Posted: 29 November 2021 | | 1 comment

Creating new biologic drugs from early research is a complex process, but certain development methodologies and practices are proving to reach clinical and commercial goals faster. In this article, Seahee Kim from Samsung Biologics provides insight into how contract development and manufacturing organisations (CDMOs) are applying new and effective methodologies to accelerate molecules to market.

stainless steel bioreactors in a factory - idea of biopharmaceutical production/drug development

Biologics – challenges and opportunities

Over the years, the rising popularity of biologics has led to a shift in healthcare. In the last decade alone, the annual number of approvals of biopharmaceuticals by the US Food and Drug Administration (FDA) have steadily risen.

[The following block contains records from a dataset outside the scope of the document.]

(* [tau_B] is always coarser than [tau_B^s], since [rho_B <= rho^s_B].  A
   shield [A1] of [B] gives the converse: if [|f| <= r < e] on [A1], the
   shield property applied to the closed set [{|f| >= (r + e) / 2}] bounds
   [|f|] by [(r + e) / 2] on some [B^delta].
   If some [B1] in [B0] has no shield, a basic [tau_B]-neighbourhood of [0]
   only constrains functions on a closed [A] in [B] containing [B1]; as [A]
   is no shield, some closed [C] disjoint from [A] meets every [B1^delta],
   and an Urysohn function that is [0] on [A] and [1] on [C] lies in that
   neighbourhood while its [rho^s_B1] is [1].  Hence the unit ball of
   [rho^s_B1] is not [tau_B]-open, and neither is the unit ball of the finite
   seminorm [rho^s_B1 o pi], where [pi] is a linear projection (Zorn's lemma)
   of [C(X)] onto the subspace on which [rho^s_B1] is finite; that ball is
   open in [tau_F^s] but not in [tau_F], which is coarser than [tau_B]. *)

Section LinearProjection.
Variables (K : fieldType) (V : lmodType K).

Definition lin_closed (S : set V) := forall a u v, S u -> S v -> S (a *: u + v).

Variables (W F : set V).
Hypotheses (W_lin : lin_closed W) (F_lin : lin_closed F) (F0 : F 0)
  (FW : F `<=` W).

Let admissible (G : set V) :=
  [/\ G `<=` W, lin_closed G & forall g, G g -> F g -> g = 0].

Let admissible_setU0 G : admissible G -> admissible (G `|` [set 0]).
Proof.
case=> GW G_lin GF; split.
- by move=> v [/GW|->] //; exact: FW.
- move=> a u v [Gu|->] [Gv|->]; last by right; rewrite scaler0 addr0.
  + by left; exact: G_lin.
  + by left; rewrite addr0 -[a in a *: u](subrK 1) scalerDl scale1r; exact: G_lin.
  + by left; rewrite scaler0 add0r.
- by move=> g [/GF|->].
Qed.

Let exists_max_admissible :
  exists G, [/\ admissible G, G 0 & forall G', G `<` G' -> ~ admissible G'].
Proof.
have [G [adG maxG]] : exists G, admissible G /\ forall G', G `<` G' -> ~ admissible G'.
  apply: Zorn_bigcup => Fam FamP Fam_chain; split.
  - by move=> v [G FG Gv]; have [GW _ _] := FamP G FG; exact: GW.
  - move=> a u v [G1 FG1 G1u] [G2 FG2 G2v].
    have [G1G2|G2G1] := Fam_chain _ _ FG1 FG2.
    + have [_ G2_lin _] := FamP _ FG2.
      by exists G2 => //; apply: G2_lin => //; exact: G1G2.
    + have [_ G1_lin _] := FamP _ FG1.
      by exists G1 => //; apply: G1_lin => //; exact: G2G1.
  - by move=> g [G FG Gg]; have [_ _ GF] := FamP _ FG; exact: GF.
exists G; split => //; apply: contrapT => nG0.
apply: (maxG (G `|` [set 0])); last exact: admissible_setU0.
by split=> [v Gv|sub]; [left | apply/nG0/sub; right].
Qed.

Let max_admissible_decomp G : admissible G -> G 0 ->
  (forall G', G `<` G' -> ~ admissible G') ->
  forall v, W v -> exists2 h, F h & G (v - h).
Proof.
move=> [GW G_lin GF] G0 maxG v Wv; apply: contrapT => nodec.
pose G' := [set g + a *: v | g in G & a in [set: K]].
apply: (maxG G'); [split | rewrite /admissible; split].
- by move=> g Gg; exists g => //; exists 0 => //; rewrite scale0r addr0.
- move=> G'G; apply: nodec; exists 0 => //; rewrite subr0; apply: G'G.
  by exists 0 => //; exists 1 => //; rewrite add0r scale1r.
- by move=> _ [g /GW Wg [a _ <-]]; rewrite addrC; exact: W_lin.
- move=> c _ _ [g1 Gg1 [a1 _ <-]] [g2 Gg2 [a2 _ <-]].
  exists (c *: g1 + g2); first exact: G_lin.
  exists (c * a1 + a2) => //.
  by rewrite scalerDl -scalerA scalerDr addrACA.
- move=> _ [g Gg [a _ <-]]; have [->|a0] := eqVneq a 0.
    by rewrite scale0r addr0; exact: GF.
  move=> Fga; exfalso; apply: nodec.
  exists (a^-1 *: (g + a *: v) + 0); first exact: F_lin.
  rewrite addr0 scalerDr scalerA mulVf // scale1r opprD addrA addrAC subrr add0r.
  by rewrite -scaleNr -[X in G X]addr0; exact: G_lin.
Qed.

Lemma linear_projection : exists pr : V -> V,
  [/\ forall v, W v -> F (pr v), forall v, F v -> pr v = v &
      forall a u v, W u -> W v -> pr (a *: u + v) = a *: pr u + pr v].
Proof.
have [G [adG G0 maxG]] := exists_max_admissible.
have [GW G_lin GF] := adG; have decomp := max_admissible_decomp adG G0 maxG.
have [pr pr_dec] : {pr : V -> V & forall v, W v -> F (pr v) /\ G (v - pr v)}.
  apply: (@choice _ _ (fun v h => W v -> F h /\ G (v - h))) => v.
  have [/decomp [h Fh Gh]|nWv] := pselect (W v); first by exists h.
  by exists 0.
have pr_unique v h : W v -> F h -> G (v - h) -> pr v = h.
  move=> Wv Fh Gh; have [Fpr Gpr] := pr_dec v Wv.
  apply/eqP; rewrite -subr_eq0; apply/eqP/GF.
    have -> : pr v - h = (-1) *: (v - pr v) + (v - h).
      by rewrite scaleN1r opprB addrA subrK.
    exact: G_lin.
  by rewrite addrC -scaleN1r; exact: F_lin.
exists pr; split.
- by move=> v /pr_dec [].
- by move=> v Fv; apply: pr_unique => //; [exact: FW | rewrite subrr].
- move=> a u v Wu Wv; have [Fu Gu] := pr_dec u Wu; have [Fv Gv] := pr_dec v Wv.
  apply: pr_unique; [exact: W_lin | exact: F_lin |].
  by rewrite opprD addrACA -scalerBr; exact: G_lin.
Qed.

End LinearProjection.

Section ExtendedSeminorms.
Variables (R : realType) (X : Type) (d : X -> X -> R).
Implicit Types (B : set X) (f g k : X -> R).

Lemma rho_ltP B f (e : R) :
  (rho B f < e%:E)%E <-> exists2 r : R, r < e & forall x, B x -> `|f x| <= r.
Proof.
split=> [|[r re Hr]].
- have ub x : B x -> ((`|f x|)%:E <= rho B f)%E.
    by move=> Bx; apply: ereal_sup_ubound; exists x.
  case: (rho B f) ub => [s ub|//|ub _].
  + by rewrite lte_fin => se; exists s => // x /ub; rewrite lee_fin.
  + by exists (e - 1) => [|x /ub//]; rewrite gtrBl.
- apply: (@le_lt_trans _ _ r%:E); last by rewrite lte_fin.
  by apply: ge_ereal_sup => _ [x Bx <-]; rewrite lee_fin; exact: Hr.
Qed.

Lemma rho_s_ltP B f (e : R) :
  (rho_s d B f < e%:E)%E <-> exists2 del : R, 0 < del &
    exists2 r : R, r < e & forall x, enlarge d B del x -> `|f x| <= r.
Proof.
split.
- by case/ereal_inf_ltP => _ [del del_gt0 <-] /rho_ltP; exists del.
- case=> del del_gt0 /rho_ltP H; apply: le_lt_trans H.
  by apply: ereal_inf_lbound; exists del.
Qed.

Lemma le_enlarge B (a b : R) : a <= b -> enlarge d B a `<=` enlarge d B b.
Proof. by move=> ab x [y By dxy]; exists y => //; exact: lt_le_trans ab. Qed.

Lemma enlargeS B B' (del : R) : B `<=` B' -> enlarge d B del `<=` enlarge d B' del.
Proof. by move=> BB' x [y /BB' B'y dxy]; exists y. Qed.

Lemma rho_s_lt_of_bounded B k (r e : R) :
  (forall x, `|k x| <= r) -> r < e -> (rho_s d B k < e%:E)%E.
Proof. by move=> kr re; apply/rho_s_ltP; exists 1 => //; exists r. Qed.

Lemma rho_s_ltD B f g (r s : R) :
  (rho_s d B f < r%:E)%E -> (rho_s d B g < s%:E)%E ->
  (rho_s d B (fun x => f x + g x)%R < (r + s)%R%:E)%E.
Proof.
move=> /rho_s_ltP[d1 d1_gt0 [r1 r1r H1]] /rho_s_ltP[d2 d2_gt0 [s1 s1s H2]].
apply/rho_s_ltP; exists (Num.min d1 d2); first by rewrite lt_min d1_gt0.
exists (r1 + s1); first exact: ltrD.
move=> x Ex; apply: le_trans (ler_normD _ _) _.
by apply: lerD; [apply: H1 | apply: H2]; apply: le_enlarge Ex; rewrite ge_min lexx ?orbT.
Qed.

Lemma rho_s_ltZ B a f (r : R) : a != 0 ->
  (rho_s d B f < r%:E)%E -> (rho_s d B (fun x => a * f x)%R < (`|a| * r)%R%:E)%E.
Proof.
move=> a0 /rho_s_ltP[del del_gt0 [r1 r1r H]]; apply/rho_s_ltP; exists del => //.
exists (`|a| * r1); first by rewrite ltr_pM2l ?normr_gt0.
by move=> x /H; rewrite normrM; apply: ler_wpM2l.
Qed.

End ExtendedSeminorms.

Section Continuity.
Variables (R : realType) (X : Type) (d : X -> X -> R).

Definition dnbhs (x : X) : set_system X :=
  filter_from [set e : R | 0 < e] (fun e => [set y | d x y < e]).

Global Instance dnbhs_filter x : Filter (dnbhs x).
Proof.
apply: filter_from_filter; first by exists 1; rewrite /= ltr01.
move=> i j i_gt0 j_gt0; exists (Num.min i j); first by rewrite /= lt_min i_gt0.
by move=> y /=; rewrite lt_min => /andP[].
Qed.

Lemma dcontinuousP f : dcontinuous d f <-> forall x, f @ dnbhs x --> f x.
Proof.
split=> fc x.
- apply/cvgrPdist_lt => e e_gt0; have [del del_gt0 Hdel] := fc x e e_gt0.
  by exists del => // y /Hdel; rewrite distrC.
- move=> e e_gt0; have [del del_gt0 Hdel] := (cvgrPdist_lt _ _).1 (fc x) e e_gt0.
  by exists del => // y /Hdel; rewrite distrC.
Qed.

Lemma CX_cst c : CX d (fun _ => c).
Proof. by apply/dcontinuousP => x; exact: cvg_cst. Qed.

Lemma CX_add f g : CX d f -> CX d g -> CX d (fun x => f x + g x).
Proof.
by move=> /dcontinuousP fc /dcontinuousP gc; apply/dcontinuousP => x; exact: cvgD.
Qed.

Lemma CX_sub f g : CX d f -> CX d g -> CX d (fun x => f x - g x).
Proof.
by move=> /dcontinuousP fc /dcontinuousP gc; apply/dcontinuousP => x; exact: cvgB.
Qed.

Lemma CX_scale a f : CX d f -> CX d (fun x => a * f x).
Proof.
by move=> /dcontinuousP fc; apply/dcontinuousP => x; apply: cvgM => //; exact: cvg_cst.
Qed.

Lemma CX_lin_closed : lin_closed (CX d).
Proof. by move=> a u v Cu Cv; exact: CX_add (CX_scale a Cu) Cv. Qed.

End Continuity.

Section Metric.
Variables (R : realType) (X : Type) (d : X -> X -> R).
Hypothesis hm : is_metric d.

Let d_ge0 x y : 0 <= d x y. Proof. by case: hm. Qed.
Let d_xx x : d x x = 0. Proof. by case: hm => _ dP _ _; apply/dP. Qed.
Let d_sym x y : d x y = d y x. Proof. by case: hm. Qed.
Let d_tri x y z : d x z <= d x y + d y z. Proof. by case: hm. Qed.

Lemma sub_enlarge (B : set X) (del : R) : 0 < del -> B `<=` enlarge d B del.
Proof. by move=> del_gt0 x Bx; exists x; rewrite ?d_xx. Qed.

Definition dist_to (A : set X) (x : X) : R := inf [set d x a | a in A].

Lemma dist_to_ge0 A x : A !=set0 -> 0 <= dist_to A x.
Proof.
case=> a Aa; apply: lb_le_inf; first by exists (d x a), a.
by move=> _ [b _ <-].
Qed.

Lemma dist_to_le A x a : A a -> dist_to A x <= d x a.
Proof.
move=> Aa; apply: ge_inf; last by exists a.
by exists 0 => _ [b _ <-].
Qed.

Lemma dist_to_lip A x y : A !=set0 -> dist_to A x <= d x y + dist_to A y.
Proof.
case=> a Aa; rewrite -lerBlDl; apply: lb_le_inf; first by exists (d y a), a.
move=> _ [b Ab <-]; rewrite lerBlDl.
exact: le_trans (dist_to_le x Ab) (d_tri x y b).
Qed.

Lemma dist_to_eq0 A x : A x -> dist_to A x = 0.
Proof.
move=> Ax; apply/le_anti; rewrite dist_to_ge0 ?andbT; last by exists x.
by rewrite -(d_xx x); exact: dist_to_le.
Qed.

Lemma dclosed_dist_to_le0 A x : dclosed d A -> A !=set0 -> dist_to A x <= 0 -> A x.
Proof.
move=> Acl [a Aa] dx0; apply: Acl => del del_gt0.
have /inf_lt[|_ [b Ab <-] ?] : dist_to A x < del by exact: le_lt_trans del_gt0.
  by exists (d x a), a.
by exists b.
Qed.

Lemma dist_to_continuous A : A !=set0 -> dcontinuous d (dist_to A).
Proof.
move=> A0 x e e_gt0; exists e => // y dxy.
have := dist_to_lip x y A0; have := dist_to_lip y x A0; rewrite (d_sym y x).
by rewrite ltr_norml => ? ?; apply/andP; split; lra.
Qed.

Lemma metric_urysohn (A C : set X) : dclosed d A -> dclosed d C ->
  A !=set0 -> C !=set0 -> A `&` C = set0 ->
  exists g, [/\ CX d g, forall x, 0 <= g x <= 1,
    forall x, A x -> g x = 0 & forall x, C x -> g x = 1].
Proof.
move=> Acl Ccl A0 C0 AC.
have sum_gt0 x : 0 < dist_to A x + dist_to C x.
  rewrite ltNge; apply/negP => s_le0.
  have dA := dist_to_ge0 x A0; have dC := dist_to_ge0 x C0.
  suff : (A `&` C) x by rewrite AC.
  by split; apply: dclosed_dist_to_le0 => //; lra.
have dAc := (dcontinuousP d _).1 (dist_to_continuous A0).
have dCc := (dcontinuousP d _).1 (dist_to_continuous C0).
exists (fun x => dist_to A x / (dist_to A x + dist_to C x)); split.
- apply/dcontinuousP => x; apply: cvgM; first exact: dAc.
  by apply: cvgV; [rewrite gt_eqF | exact: cvgD].
- move=> x; have s_gt0 := sum_gt0 x.
  have dA := dist_to_ge0 x A0; have dC := dist_to_ge0 x C0.
  apply/andP; split; first by rewrite divr_ge0 // ltW.
  by rewrite ler_pdivrMr // mul1r lerDl.
- by move=> x Ax; rewrite dist_to_eq0 // mul0r.
- move=> x Cx; have := sum_gt0 x.
  by rewrite (dist_to_eq0 Cx) addr0 => dA_gt0; rewrite divff // gt_eqF.
Qed.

In 2019, a total of 28 biopharmaceutical products (including monoclonal antibodies, recombinant proteins and gene therapies) were approved in the US.1

Biologic drug development is a long, complex and expensive process. Some of pharma’s key concerns include the rate of attrition (failure) of pipeline drugs and therapies, prolonged development timelines, complex molecular structures (which demand niche and specialised expertise), not to mention current facility limitations and capacity constraints.1

Biologics’ clear patient benefits

Derived from living cells, biologic drugs are used to treat a broad range of critical diseases like COVID-19 and Alzheimer’s disease. Proving effective with lesser side-effects at treating immune-related diseases including rheumatoid arthritis, psoriasis and Crohn’s Disease, biologics act to interrupt signals and pathways in the immune system and reduce the damage inflicted by these chronic conditions.

blue antibodies destroying a SARS-CoV-2 particle (the virus which causes COVID-19)

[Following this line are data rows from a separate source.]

(* Let $(\mathbf{s}_t,\mathbf{a}_t,\mathbf{s}_{t+k})\sim\mathcal{D}$ with real-valued action $\mathbf{a}_t$ of finite second moment, let $\overline{\mu}(s_t)=\mathbb{E}[\mathbf{a}_t\mid \mathbf{s}_t=s_t]$, $\overline{\xi}(s_t,s_{t+k})=\mathbb{E}[\mathbf{a}_t\mid \mathbf{s}_t=s_t,\mathbf{s}_{t+k}=s_{t+k}]$ and $$\Delta=\mathbb{E}_{\mathbf{s}_t}\Big[\mathrm{Var}_{\mathbf{s}_{t+k}\mid \mathbf{s}_t}\big(\mathbb{E}[\mathbf{a}_t\mid \mathbf{s}_t,\mathbf{s}_{t+k}]\big)\Big].$$ Let $\widehat{\mu}$ be an estimator of the BC policy obtained from a random dataset $\mathcal{D}_n$ and $\widehat{\xi}_{\widehat p}$ an estimator of the IDM policy obtained from a random dataset $\mathcal{D}_{\widehat p,m}$. Define $$\delta=\mathbb{E}_{\mathbf{s}_t}\big[\mathrm{Var}(\widehat{\mu}(\mathbf{s}_t))\big]-\mathbb{E}_{\mathbf{s}_t,\mathbf{s}_{t+k}}\big[\mathrm{Var}(\widehat{\xi}_{\widehat p}(\mathbf{s}_t,\mathbf{s}_{t+k}))\big],\qquad \beta=b_\mu^2(\widehat\mu)-b_\xi^2(\widehat\xi_{\widehat p}),$$ where the variances are over the randomness of the respective datasets and $$b_\mu^2(\widehat\mu)=\mathbb{E}_{\mathbf{s}_t}\Big[\big(\mathbb{E}_{\mathcal{D}_n}[\widehat\mu(\mathbf{s}_t)]-\overline{\mu}(\mathbf{s}_t)\big)^2\Big],\quad b_\xi^2(\widehat\xi_{\widehat p})=\mathbb{E}_{\mathbf{s}_t,\mathbf{s}_{t+k}}\Big[\big(\mathbb{E}_{\mathcal{D}_{\widehat p,m}}[\widehat\xi_{\widehat p}(\mathbf{s}_t,\mathbf{s}_{t+k})]-\overline{\xi}(\mathbf{s}_t,\mathbf{s}_{t+k})\big)^2\Big].$$ Then $$\widehat\Delta_{\widehat p}:=\mathrm{EPE}(\widehat\mu)-\mathrm{EPE}(\widehat\xi_{\widehat p})=\Delta+\delta+\beta.$$
   Context: Setting: an MDP with an unknown expert policy generating a data distribution $\mathcal{D}$ over tuples $(s_t,a_t,s_{t+k})$, where $s_{t+k}$ is the state $k\ge 1$ steps after $s_t$. $\widehat p(\cdot\mid s_t)$ is an approximate state predictor of the future state. The datasets are $\mathcal{D}_n=\{(s_t,a_t,s_{t+k})\stackrel{\text{i.i.d.}}{\sim}\mathcal{D}\}_{t=1}^n$ and $\mathcal{D}_{\widehat p,m}=\{(s_t,a_t,\widehat s_{t+k}) : (s_t,a_t)\stackrel{\text{i.i.d.}}{\sim}\mathcal{D},\ \widehat s_{t+k}\sim\widehat p(\cdot\mid s_t)\}_{t=1}^m$; $\mathbb{E}_{\mathcal{D}_n}$ and $\mathbb{E}_{\mathcal{D}_{\widehat p,m}}$ denote expectation over these random datasets, and the estimators are deterministic functions of their datasets, independent of the test sample. The expected prediction errors are $\mathrm{EPE}(\widehat\mu)=\mathbb{E}_{\mathbf{s}_t,\mathbf{a}_t,\mathcal{D}_n}[(\mathbf{a}_t-\widehat\mu(\mathbf{s}_t))^2]$ and $\mathrm{EPE}(\widehat\xi_{\widehat p})=\mathbb{E}_{\mathbf{s}_t,\mathbf{a}_t,\mathbf{s}_{t+k},\mathcal{D}_{\widehat p,m}}[(\mathbf{a}_t-\widehat\xi_{\widehat p}(\mathbf{s}_t,\mathbf{s}_{t+k}))^2]$, where the test tuple $(\mathbf{s}_t,\mathbf{a}_t,\mathbf{s}_{t+k})\sim\mathcal{D}$ uses the ground-truth future state. *)

From HB Require Import structures.
From mathcomp Require Import all_boot all_order all_algebra.
From mathcomp Require Import all_classical all_reals all_analysis.
Set Implicit Arguments. Unset Strict Implicit. Unset Printing Implicit Defensive.
Import Order.TTheory GRing.Theory Num.Theory.
Import numFieldNormedType.Exports.
Local Open Scope classical_set_scope.
Local Open Scope ring_scope.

Biologics drugs, however, are far from being limited to the treatment of immune-related diseases. Those containing antibody-drug conjugates (ADCs), for example, offer strong and specific binding to the target antigen, thus maximising efficacy and safety, making them desirable candidates for treating target-specific illnesses. According to Bioanalysis, “biologic drugs are at the cutting edge of medical research and have, to some extent, revolutionised cancer treatment and offered hope to patients who have previously had no available treatment options.”2

Given the clear benefits and therapeutic track-record of biologic drugs (target specificity, high efficacy and favourable safety profiles), most industry observers believe the biopharma market is poised for continued and consistent growth over the next decade. According to Roots Analysis, in 2021, 8,000 biological pharmaceutical products were currently under clinical investigation around the world.1,3

Time is very expensive in biopharma development

It is commonly understood that the longer a biologics development program takes, the more expensive and less competitive it will likely be. The order of market entry also has a significant impact on the market share gained. Industry order of entry market share performance data shows the first and second products to enter the market typically obtain over 70 percent of overall market share. Faster development timelines are therefore key to accelerating the pace to market and achieving return on investment (ROI), but where are the efficiencies to be found?

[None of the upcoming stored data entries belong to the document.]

Lemma irreducible_monomial_atom e c : irreducible [:: (e, c)] -> is_atom M e.
Proof.
case=> /in_alg_monomialP[Me c0] _ not_unit e_irr; split => // [|b d Mb Md ebd].
  by apply: contra_notN not_unit => /eqP->; apply: unit_const.
have := e_irr [:: (b, c)] [:: (d, 1)] (in_alg_monomial Mb c0) (in_alg_monomial Md (oner_neq0 _)).
rewrite mul_monomial ?mulr1 // -ebd => /(_ erefl).
by case=> /unit_monomial[? [-> _]]; [left|right].
Qed.

Lemma atom_irreducible_monomial e : is_atom M e -> irreducible [:: (e, 1)].
Proof.
case=> Me e0 e_atom; split => [||/unit_monomial[c [e0']]|b d [cb bM] [cd dM] ebd].
- exact: in_alg_monomial (oner_neq0 _).
- by [].
- by rewrite e0' eqxx in e0.
have [e1 [c1 [e2 [c2 [b_e1 d_e2 e12]]]]] := mul_eq_monomial cb cd (esym ebd).
have Me1 : M e1 by apply: (bM (e1, c1)); rewrite b_e1 mem_head.
have Me2 : M e2 by apply: (dM (e2, c2)); rewrite d_e2 mem_head.
have c1_neq0 : c1 != 0 by apply: (canonical_coef_neq0 (x := (e1, c1)) cb); rewrite b_e1 mem_head.
have c2_neq0 : c2 != 0 by apply: (canonical_coef_neq0 (x := (e2, c2)) cd); rewrite d_e2 mem_head.
by case: (e_atom e1 e2 Me1 Me2 e12) => e0'; [left; rewrite b_e1 | right; rewrite d_e2];
  rewrite e0'; apply: unit_const.
Qed.

Lemma prodl_irreducible_monomial l e c : (forall x, List.In x l -> irreducible x) ->
    prodl (@ma_mul F) (ma_one F) l = [:: (e, c)] ->
  exists2 atoms, (forall a, a \in atoms -> is_atom M a) & e = \sum_(a <- atoms) a.
Proof.
elim: l e c => [|x l IHl] e c l_irr /=; first by case=> <- _; exists [::]; rewrite ?big_nil.
have x_irr := l_irr x (or_introl erefl); have [[cx _] _ _ _] := x_irr.
case/(mul_eq_monomial cx (canonical_prodl l)) => e1 [c1 [e2 [c2 [x_e1 l_e2 ->]]]].
have [atoms atomsP ->] := IHl e2 c2 (fun y l_y => l_irr y (or_intror l_y)) l_e2.
exists (e1 :: atoms); last by rewrite big_cons.
move=> a; rewrite inE => /predU1P[->|/atomsP //].
by apply: (@irreducible_monomial_atom _ c1); rewrite -x_e1.
Qed.

Hypothesis HF : alg_half_factorial F M.

Lemma sum_of_atoms m : M m ->
  exists2 atoms, (forall a, a \in atoms -> is_atom M a) & m = \sum_(a <- atoms) a.
Proof.
move=> Mm; have [->|m0] := eqVneq m 0; first by exists [::]; rewrite ?big_nil.
have [//||l [l_irr m_l]] := HF.1 [:: (m, 1)] (in_alg_monomial Mm (oner_neq0 _)).
  by case/unit_monomial=> c [m0']; rewrite m0' eqxx in m0.
exact: prodl_irreducible_monomial l_irr (esym m_l).
Qed.

Lemma atom_unique a1 a2 : is_atom M a1 -> is_atom M a2 -> a1 = a2.
Proof.
move=> A1 A2; have [_ a2_neq0 _] := A2.
have a_gt0 a : is_atom M a -> 0 < a.
  by case=> Ma a0 _; rewrite lt_def a0 (puiseux_monoid_ge0 PM).
pose r := a1 / a2; have r_gt0 : 0 < r by rewrite divr_gt0 ?a_gt0.
pose k1 := `|denq r|%N; pose k2 := `|numq r|%N.
have k1E : k1%:R = (denq r)%:~R :> rat by rewrite natr_absz gtr0_norm.
have k2E : k2%:R = (numq r)%:~R :> rat by rewrite natr_absz gtr0_norm ?numq_gt0.
have k12 : k1%:R * a1 = k2%:R * a2 by rewrite k1E k2E numqE /r; field.
have nseq_irr k a : is_atom M a ->
    forall x, List.In x (nseq k [:: (a, 1)]) -> irreducible x.
  by move=> Aa x /InP; rewrite mem_nseq => /andP[_ /eqP->]; apply: atom_irreducible_monomial.
have := HF.2 _ _ (nseq_irr k1 _ A1) (nseq_irr k2 _ A2).
rewrite !prodl_nseq_monomial k12 !size_nseq => /(_ erefl) k1_k2.
have k1_neq0 : k1%:R != 0 :> rat by rewrite k1E intr_eq0 denq_neq0.
by apply: (mulfI k1_neq0); rewrite k12 k1_k2.
Qed.

Lemma half_factorial_cyclic : nontrivial_monoid M ->
  exists2 a, 0 < a & forall e, M e <-> exists k : nat, e = k%:R * a.
Proof.
case=> m [/sum_of_atoms[[|a atoms] atomsP m_atoms] m0].
  by rewrite m_atoms big_nil eqxx in m0.
have [Ma a0 _] := atomsP a (mem_head _ _).
exists a => [|e]; first by rewrite lt_def a0 (puiseux_monoid_ge0 PM).
split=> [/sum_of_atoms[atoms' atoms'P ->]|[k ->]].
  exists (size atoms'); rewrite (eq_big_seq (fun=> a)) => [|b /atoms'P Ab].
    by rewrite big_const_seq iter_addr_0 mulr_natl; congr (_ *+ _); apply: count_predT.
  exact: atom_unique Ab (atomsP a (mem_head _ _)).
elim: k => [|k IHk]; first by rewrite mul0r; apply: puiseux_monoid0.
by rewrite mulrSr mulrDl mul1r; apply: puiseux_monoidD.
Qed.

End HalfFactorial.

Section Isomorphisms.
Variable F : fieldType.
Implicit Types (M : rat -> Prop) (s : seq (rat * F)).

Lemma in_alg_dilate M c d s : 0 < c -> canonical_terms s ->
    (forall x, x \in s -> exists k : nat, x.1 = k%:R * d) ->
    (forall k : nat, M (k%:R * (d * c))) ->
  Defs.in_alg M (dilate c s).
Proof.
move=> c_gt0 cs s_d Md; split; first exact: canonical_dilate.
by move=> _ /mapP[x /s_d[k ->] ->]; rewrite /= -mulrA.
Qed.

Lemma dilate_poly_iso M a : 0 < a -> (forall e, M e <-> exists k : nat, e = k%:R * a) ->
  poly_iso M (fun p : {poly F} => dilate a (terms_of_poly p)).
Proof.
move=> a_gt0 ME; have a0 : a != 0 by rewrite gt_eqF.
split; [|split; [|split; [|split; [|split; [|split]]]]].
- move=> p; apply: (in_alg_dilate (d := 1)); rewrite ?canonical_normalize //.
    by move=> x /terms_of_poly_nat/natrP[k ->]; exists k; rewrite mulr1.
  by move=> k; apply/ME; exists k; rewrite mul1r.
- by move=> p q /(dilate_inj a0) pq; apply/terms_of_poly_inj/pq; apply: canonical_normalize.
- move=> s [cs sM]; have [p ep] : exists p, terms_of_poly p = dilate a^-1 s.
    apply: terms_of_poly_surj; first by apply: canonical_dilate; rewrite ?invr_gt0.
    by move=> _ /mapP[x /sM/ME[k ->] ->]; rewrite /= mulfK.
  by exists p; rewrite ep dilateK.
- by move=> p q; rewrite terms_of_poly_add dilate_add.
- by move=> p q; rewrite terms_of_poly_mul dilate_mul.
- by rewrite terms_of_poly_one dilate_one.
- by move=> c p; rewrite terms_of_poly_scale dilate_scale.
Qed.

Lemma dilate_alg_iso M M' a b : 0 < a -> 0 < b ->
    (forall e, M e <-> exists k : nat, e = k%:R * a) ->
    (forall e, M' e <-> exists k : nat, e = k%:R * b) ->
  alg_iso M M' (dilate (F := F) (b / a)).
Proof.
move=> a_gt0 b_gt0 ME M'E; have ba_gt0 : 0 < b / a by rewrite divr_gt0.
have [a0 ba0] : a != 0 /\ b / a != 0 by rewrite !gt_eqF.
split; [|split; [|split; [|split; [|split; [|split]]]]].
- move=> s [cs sM]; apply: (in_alg_dilate (d := a)) => // [x /sM/ME //|k].
  by apply/M'E; exists k; rewrite [a * _]mulrC divfK.
- by move=> s t [cs _] [ct _]; apply: dilate_inj.
- move=> t [ct tM]; exists (dilate (b / a)^-1 t); split; last exact: dilateK.
  apply: (in_alg_dilate (d := b)) => [||x /tM/M'E //|k]; rewrite ?invr_gt0 //.
  by apply/ME; exists k; rewrite invf_div [b * _]mulrC divfK ?gt_eqF.
- by move=> s t _ _; rewrite dilate_add.
- by move=> s t _ _; rewrite dilate_mul.
- exact: dilate_one.
- by move=> c s _; rewrite dilate_scale.
Qed.

End Isomorphisms.

Theorem mainTheorem9 (F : fieldType) (M M' : rat -> Prop) :
  puiseux_monoid M -> nontrivial_monoid M ->
  puiseux_monoid M' -> nontrivial_monoid M' ->
  alg_half_factorial F M -> alg_half_factorial F M' ->
  [/\ (exists psi, @alg_iso F M M' psi),
      (exists phi, @poly_iso F M phi) &
      (exists phi', @poly_iso F M' phi')].
Proof.
move=> PM NM PM' NM' HF HF'.
have [a a_gt0 ME] := half_factorial_cyclic PM HF NM.
have [b b_gt0 M'E] := half_factorial_cyclic PM' HF' NM'.
split.
- by exists (dilate (b / a)); apply: dilate_alg_iso.
- by exists (fun p => dilate a (terms_of_poly p)); apply: dilate_poly_iso.
- by exists (fun p => dilate b (terms_of_poly p)); apply: dilate_poly_iso.
Qed.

Trimming timelines with a single cell line platform approach

To shorten investigational new drug (IND) development timelines and gain a more rapid entry into the clinical stage, a fully integrated strategy using the cell line platform approach is proving effective. With molecules developed on a single platform common to cell-line development (CLD) and commercial-scale processing, technology transfer can be considered earlier in the development stage.

Undertaking all these activities at a single site, such as through a CDMO, can further enhance efficiency and minimise risks associated with scale-up and technology transfer later in development and commercialisation, as there may be less of a “facility knowledge gap” between development and commercial teams.

Process platform technology’s big advantage: process confidence

CDMOs in particular are specialising in process platforms for better performance”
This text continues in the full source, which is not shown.